Given a sequence of words we want to predict the probability of each word given the previous words. Language Models allow us to measure how likely a sentence is, which is an important input for Machine Translation (since high-probability sentences are typically correct). A side-effect of being able to predict the next word is that we get a generative model, which allows us to generate new text by sampling from the output probabilities. And depending on what our training data is we can generate all kinds of stuff. In Language Modeling our input is typically a sequence of words (encoded as one-hot vectors for example), and our output is the sequence of predicted words. When training the network we set since we want the output at step to be the actual next word.

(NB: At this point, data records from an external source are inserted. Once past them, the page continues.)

(* Let $G$ be a simple directed graph with asymmetric adjacency matrix $A$ having an exact D-IPS with two compressed nodes. Then the singular value decomposition of $A$ has a unique leading left singular vector $v$ and a unique leading right singular vector $w$ with $v,w\ge 0$ (entrywise), and the positive parts of $v$ and $w$ (the sets of indices with positive entries) identify the two compressed nodes.
   Context: A simple directed graph has no self-loops and no multiple edges. Its asymmetric adjacency matrix $A$ has $A_{ij}=1$ if there is a directed edge from $x_i$ to $x_j$ and $A_{ij}=0$ otherwise. A summarization of size $k$ consists of a surjective map $\phi$ from the vertex set onto $k$ compressed nodes $c_1,\dots,c_k$ (the sets $C_I=\phi^{-1}(c_I)$ partition the vertices) together with a simple directed summarized graph on $\{c_1,\dots,c_k\}$ described by compressed relation values $r_{IJ}$ with $r_{II}=0$ and $r_{IJ}r_{JI}=0$. The graph has an exact Directions Influence Preserving Structure (exact D-IPS) with $k$ compressed nodes if there is such a summarization with $\mathrm{sign}(A_{ij})=\mathrm{sign}(r_{IJ})$ for all $i\neq j$, $x_i\in C_I$, $x_j\in C_J$, where $\mathrm{sign}(0)=0$ differs from the sign of any nonzero number. *)

From mathcomp Require Import all_boot all_order all_algebra.
From mathcomp Require Import reals.
Set Implicit Arguments. Unset Strict Implicit. Unset Printing Implicit Defensive.
Import Order.TTheory GRing.Theory Num.Theory.
Local Open Scope ring_scope.

(* A simple directed graph on vertices x_0..x_{n-1} ('I_n) is an
   irreflexive relation e (e i j = edge from x_i to x_j); multiple edges
   are impossible by construction. *)
Definition simple_digraph (n : nat) (e : rel 'I_n) : Prop := irreflexive e.

Definition adjacency (R : realType) (n : nat) (e : rel 'I_n) : 'M[R]_n :=
  \matrix_(i, j) (e i j)%:R.

(* A summarization of size k: surjective phi onto k compressed nodes, with
   compressed relation values r (a simple directed summarized graph:
   r_II = 0 and r_IJ r_JI = 0). *)
Definition summarization (R : realType) (n k : nat)
    (phi : 'I_n -> 'I_k) (r : 'M[R]_k) : Prop :=
  (forall I : 'I_k, exists x : 'I_n, phi x = I) /\
  (forall I : 'I_k, r I I = 0) /\
  (forall I J : 'I_k, r I J * r J I = 0).

Definition exact_DIPS_summ (R : realType) (n k : nat) (A : 'M[R]_n)
    (phi : 'I_n -> 'I_k) (r : 'M[R]_k) : Prop :=
  summarization phi r /\
  (forall i j : 'I_n, i != j -> Num.sg (A i j) = Num.sg (r (phi i) (phi j))).

Definition has_exact_DIPS (R : realType) (n k : nat) (A : 'M[R]_n) : Prop :=
  exists (phi : 'I_n -> 'I_k) (r : 'M[R]_k), exact_DIPS_summ A phi r.

Definition singular_triple (R : realType) (n : nat) (A : 'M[R]_n)
    (s : R) (v w : 'cV[R]_n) : Prop :=
  0 <= s /\ v^T *m v = 1%:M /\ w^T *m w = 1%:M /\
  A *m w = s *: v /\ A^T *m v = s *: w.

Research papers about Language Modeling and Generating Text:

Recurrent neural network based language model
Extensions of Recurrent neural network based language model
Generating Text with Recurrent Neural Networks

Machine Translation

Machine Translation is similar to language modeling in that our input is a sequence of words in our source language (e.g. German). We want to output a sequence of words in our target language (e.g. English). A key difference is that our output only starts after we have seen the complete input, because the first word of our translated sentences may require information captured from the complete input sequence.

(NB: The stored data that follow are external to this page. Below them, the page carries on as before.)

Lemma in_pow_of_support m (f : LS k) :
  supported_on (fun z => 0 <= z <= m%:Z \/ F%:Z < z) f -> in_pow H F m f.
Proof.
elim: m f => [|m IHm] f supp_f /=.
  move=> z /supp_f z_supp; exists (absz z); split; first lia.
  by case: z_supp => [z0 | Fz]; [have -> : absz z = 0%N by lia | apply: frobF.2; lia].
(* f = (f without its t^(m+1) term) * 1 + (c t^m) * t, with 1 and t in omega. *)
pose c := co f m.+1%:Z.
exists [:: (ls_drop_coef f m.+1%:Z, ls_one k); (monomial c m%:Z, monomial 1 1)].
split; first do !split.
- by apply: IHm => z; rewrite co_ls_drop_coef; case: eqP => // z_ne /supp_f; lia.
- exact: ls_one_in_omega.
- by apply: IHm => z /supported_on_monomial <-; lia.
- exact: monomial_t_in_omega.
- move=> z; rewrite !co_ls_sum_cons co_mul1r co_mul_monomial co_monomial.
  rewrite co_ls_drop_coef /= mulr1 addr0; case: (eqVneq z m.+1%:Z) => [-> | z_ne].
    by rewrite add0r ifT //; apply/eqP; lia.
  by rewrite ifN ?addr0 //; apply/eqP; lia.
Qed.

Lemma inRbar_inB (y : LS k) : inRbar y -> inB H F y.
Proof.
move=> y_ge0; exists F => g g_pow; apply: in_pow_of_support.
have g_ge0 : inRbar g.
  apply: in_pow_supported g_pow => [u v | _ [h [-> _]] // | ]; first exact: addr_ge0.
  exact: inK_ge0.
by apply: (supported_on_mul y_ge0 g_ge0) => u v; lia.
Qed.

Lemma in_b_iff_conductor (x : LS k) : in_b H F x <-> in_conductor H x.
Proof.
split=> [[/inB_inRbar x_ge0 xB] | [/inRbar_inB xB xRbar]]; split=> // y.
  by move/inRbar_inB; apply: xB.
by move/inB_inRbar; apply: xRbar.
Qed.

End OneInK.

Lemma monomial_pred_frobenius_notin_conductor : ~ in_conductor H (monomial (1 : k) F.-1).
Proof.
have F_gt0 := frobenius_gt0.
move=> [_ /(_ (monomial 1 1)) t_mul]; have t_ge0 : inRbar (monomial (1 : k) 1).
  by move=> z /supported_on_monomial <-.
have [|h [Fh Hh]] := t_mul t_ge0 F%:Z.
  by rewrite co_mul_monomial co_monomial ifT ?mulr1; [exact/eqP/oner_neq0 | apply/eqP; lia].
by apply: frobF.1; have -> : F = h by lia.
Qed.

Section PredFrobeniusInH.
Hypotheses (addH : forall x y, H x -> H y -> H (x + y)%N) (HF1 : H F.-1).

Lemma notH1 : ~ H 1%N.
Proof.
move=> H1; apply: frobF.1; elim: F => // m Hm.
by rewrite -addn1; apply: addH.
Qed.

Lemma inB_supported_neq1 (y : LS k) :
  inB H F y -> supported_on (fun z => exists h : nat, z = h%:Z /\ h <> 1%N) y.
Proof.
apply: inB_supported => [_ _ [h [-> h1]] [h' [-> h'1]] | _ [h [-> Hh]] | z Kz].
- by exists (h + h')%N; split; lia.
- by exists h; split=> // h1; apply: notH1; rewrite -h1.
have z_ge0 := inK_ge0 Kz; exists (absz z); split=> [|z1]; first lia.
by move: Kz; rewrite (_ : z = 1); [move/inK1E | lia].
Qed.

Lemma inR_inB (x : LS k) : inR H x -> inB H F x.
Proof.
move=> Rx; exists 0%N => y Ry; apply: (supported_on_mul Rx Ry).
by move=> _ _ [h [-> Hh]] [h' [-> Hh']]; exists (h + h')%N; split; [lia | apply: addH].
Qed.

Lemma monomial_pred_frobenius_in_b : in_b H F (monomial (1 : k) F.-1).
Proof.
have F_gt0 := frobenius_gt0.
split=> [|y /inB_supported_neq1 y_supp].
  by apply: inR_inB => z /supported_on_monomial <-; exists F.-1.
apply: (supported_on_mul supported_on_monomial y_supp) => _ _ <- [[|h] [-> h1]].
  by exists F.-1; split; [lia | ].
by exists (F.-1 + h.+1)%N; split; [lia | apply: frobF.2; lia].
Qed.

End PredFrobeniusInH.

End CanonicalIdeal.

Theorem min_can_conductorE (k : fieldType) (H : nat -> Prop) (F : nat) :
  H 0%N -> (forall x y, H x -> H y -> H (x + y)%N) -> frobenius H F ->
  min_can_conductor k H <-> ~ H F.-1.
Proof.
move=> H0 addH frobF; split=> [mcc HF1 | /(inK1E H0 frobF) K1 F' frobF'].
  apply: (monomial_pred_frobenius_notin_conductor (k := k) H0 frobF).
  by apply/(mcc F frobF); apply: monomial_pred_frobenius_in_b.
rewrite -(frobenius_uniq frobF frobF') => x.
exact: in_b_iff_conductor.
Qed.

Lemma sum_nat_delta (N i : nat) (f : nat -> nat) : (1 <= i <= N)%N ->
  (\sum_(1 <= l < N.+1) (l == i) * f l = f i)%N.
Proof.
move=> iN; rewrite (eq_bigr (fun l => if l == i then f l else 0%N)) => [|l _].
  by rewrite -big_mkcond big_nat1_eq ltnS iN.
by case: (l == i); rewrite ?mul1n ?mul0n.
Qed.

Lemma modn_eq_addmul (x y d : nat) :
  x %% d = y %% d -> (x <= y)%N -> exists q, y = (x + q * d)%N.
Proof.
move=> xy_mod xy; have /dvdnP[q yx] : (d %| y - x)%N by rewrite -eqn_mod_dvd // xy_mod.
by exists q; lia.
Qed.

Lemma modn_eq_close (x y d : nat) :
  x %% d = y %% d -> (x <= y < x + d)%N -> x = y.
Proof. by move=> /modn_eq_addmul xy_mod /andP[/xy_mod [[|q] ->]]; lia. Qed.

Section MaximalEmbeddingDimension.
Variables (n : nat) (H : nat -> Prop) (a : nat -> nat).
Hypotheses (n_gt1 : (1 < n)%N)
  (H_gen : forall x, H x <-> exists c : nat -> nat, x = (\sum_(1 <= i < n.+1) c i * a i)%N)
  (gen_min : forall i, (1 <= i <= n)%N ->
     ~ exists c : nat -> nat, c i = 0%N /\ a i = (\sum_(1 <= j < n.+1) c j * a j)%N)
  (a1 : a 1%N = n)
  (a_incr : forall i j, (1 <= i)%N -> (i < j)%N -> (j <= n)%N -> (a i < a j)%N).

Lemma mem0 : H 0%N.
Proof. by apply/H_gen; exists (fun _ => 0%N); rewrite big1. Qed.

Lemma memD x y : H x -> H y -> H (x + y)%N.
Proof.
move=> /H_gen[c ->] /H_gen[c' ->]; apply/H_gen; exists (fun l => c l + c' l)%N.
by rewrite -big_split; apply: eq_bigr => l _; rewrite mulnDl.
Qed.

Lemma sum_gen_addn_mul i q : (1 <= i <= n)%N ->
  (\sum_(1 <= l < n.+1) ((l == i) + (l == 1%N) * q) * a l = a i + q * n)%N.
Proof.
move=> i_n; under eq_bigr do rewrite mulnDl -mulnA.
by rewrite big_split /= sum_nat_delta // (sum_nat_delta (fun l => q * a l)) ?a1 //; lia.
Qed.

Lemma gen_addn_mul_mem i q : (1 <= i <= n)%N -> H (a i + q * n)%N.
Proof.
move=> i_n; apply/H_gen; exists (fun l => (l == i) + (l == 1%N) * q)%N.
by rewrite sum_gen_addn_mul.
Qed.

Lemma gen_subn_notin j : (2 <= j <= n)%N -> ~ H (a j - n)%N.
Proof.
move=> j_n /H_gen[c def_c]; apply: (gen_min (i := j)); first lia.
have a1_lt : (n < a j)%N by rewrite -a1 a_incr //; lia.
have cj0 : c j = 0%N.
  have : (c j * a j <= a j - n)%N.
    by rewrite def_c (big_rem j) ?mem_index_iota /= ?leq_addr //; lia.
  by case: (c j) => // cj; nia.
exists (fun l => c l + (l == 1%N))%N; split; first by rewrite cj0; case: eqP => //; lia.
under eq_bigr do rewrite mulnDl.
by rewrite big_split /= -def_c (sum_nat_delta a) ?a1; lia.
Qed.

RNN for Machine Translation. Image Source: http://cs224d.stanford.edu/lectures/CS224d-Lecture8.pdf
Research papers about Machine Translation:

A Recursive Recurrent Neural Network for Statistical Machine Translation
Sequence to Sequence Learning with Neural Networks
Joint Language and Translation Modeling with Recurrent Neural Networks

Speech Recognition

Given an input sequence of acoustic signals from a sound wave, we can predict a sequence of phonetic segments together with their probabilities.

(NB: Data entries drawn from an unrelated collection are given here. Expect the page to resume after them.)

(* Only V-dominated test functions matter, since |f| <= 1 <= V.  Stationarity
   extends from sets to such functions, and the ergodicity bound applied to
   (h - a) / K shows that a step of T_t moves a function within K V of a
   constant to within K rho_t V of the constant pi_t(h); after m_t steps the
   error is K eps_t V.  Replacing pi_t by pi_{t-1} then costs K alpha_t: integrate
   V |p - q| <= l/2 (sqrt p - sqrt q)^2 + (V^2 p + V^2 q) / l and optimise in l.
   Induction over the stages gives B_t = eps_t (B_{t-1} + alpha_t). *)

Lemma weighted_norm_sub_le (R : realType) (v P Q l : R) :
  0 <= v -> 0 <= P -> 0 <= Q -> 0 < l ->
  v * `|P - Q| <= l / 2 * (Num.sqrt P - Num.sqrt Q) ^+ 2
                  + l^-1 * (v ^+ 2 * P + v ^+ 2 * Q).
Proof.
move=> v0 P0 Q0 l0.
have eP : P = Num.sqrt P ^+ 2 by rewrite sqr_sqrtr.
have eQ : Q = Num.sqrt Q ^+ 2 by rewrite sqr_sqrtr.
set a := Num.sqrt P in eP *; set b := Num.sqrt Q in eQ *.
have a0 : 0 <= a by exact: sqrtr_ge0.
have b0 : 0 <= b by exact: sqrtr_ge0.
have eD : `|P - Q| = `|a - b| * (a + b).
  by rewrite eP eQ subr_sqr normrM (ger0_norm (addr_ge0 a0 b0)) mulrC.
rewrite eD; set u := `|a - b|.
have u2 : u ^+ 2 = (a - b) ^+ 2 by rewrite /u real_normK// num_real.
rewrite -u2 eP eQ.
(* AM-GM: 2 (l u) (v (a + b)) <= (l u)^2 + v^2 (a + b)^2 <= (l u)^2 + 2 v^2 (a^2 + b^2) *)
have key : l * (v * (u * (a + b))) <=
           l * (l / 2 * u ^+ 2) + (v ^+ 2 * a ^+ 2 + v ^+ 2 * b ^+ 2).
  have h1 : 0 <= (l * u - v * (a + b)) ^+ 2 by exact: sqr_ge0.
  have h2 : 0 <= v ^+ 2 * (a - b) ^+ 2 by rewrite mulr_ge0 ?sqr_ge0.
  nra.
have li : l * (l^-1 * (v ^+ 2 * a ^+ 2 + v ^+ 2 * b ^+ 2)) =
          v ^+ 2 * a ^+ 2 + v ^+ 2 * b ^+ 2.
  by rewrite mulrA mulfV ?gt_eqF// mul1r.
by rewrite -(ler_pM2l l0) [X in _ <= X]mulrDr li; lra.
Qed.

Research papers about Speech Recognition:

Towards End-to-End Speech Recognition with Recurrent Neural Networks

Generating Image Descriptions

Together with convolutional Neural Networks, RNNs have been used as part of a model to generate descriptions for unlabeled images. It’s quite amazing how well this seems to work. The combined model even aligns the generated words with features found in the images.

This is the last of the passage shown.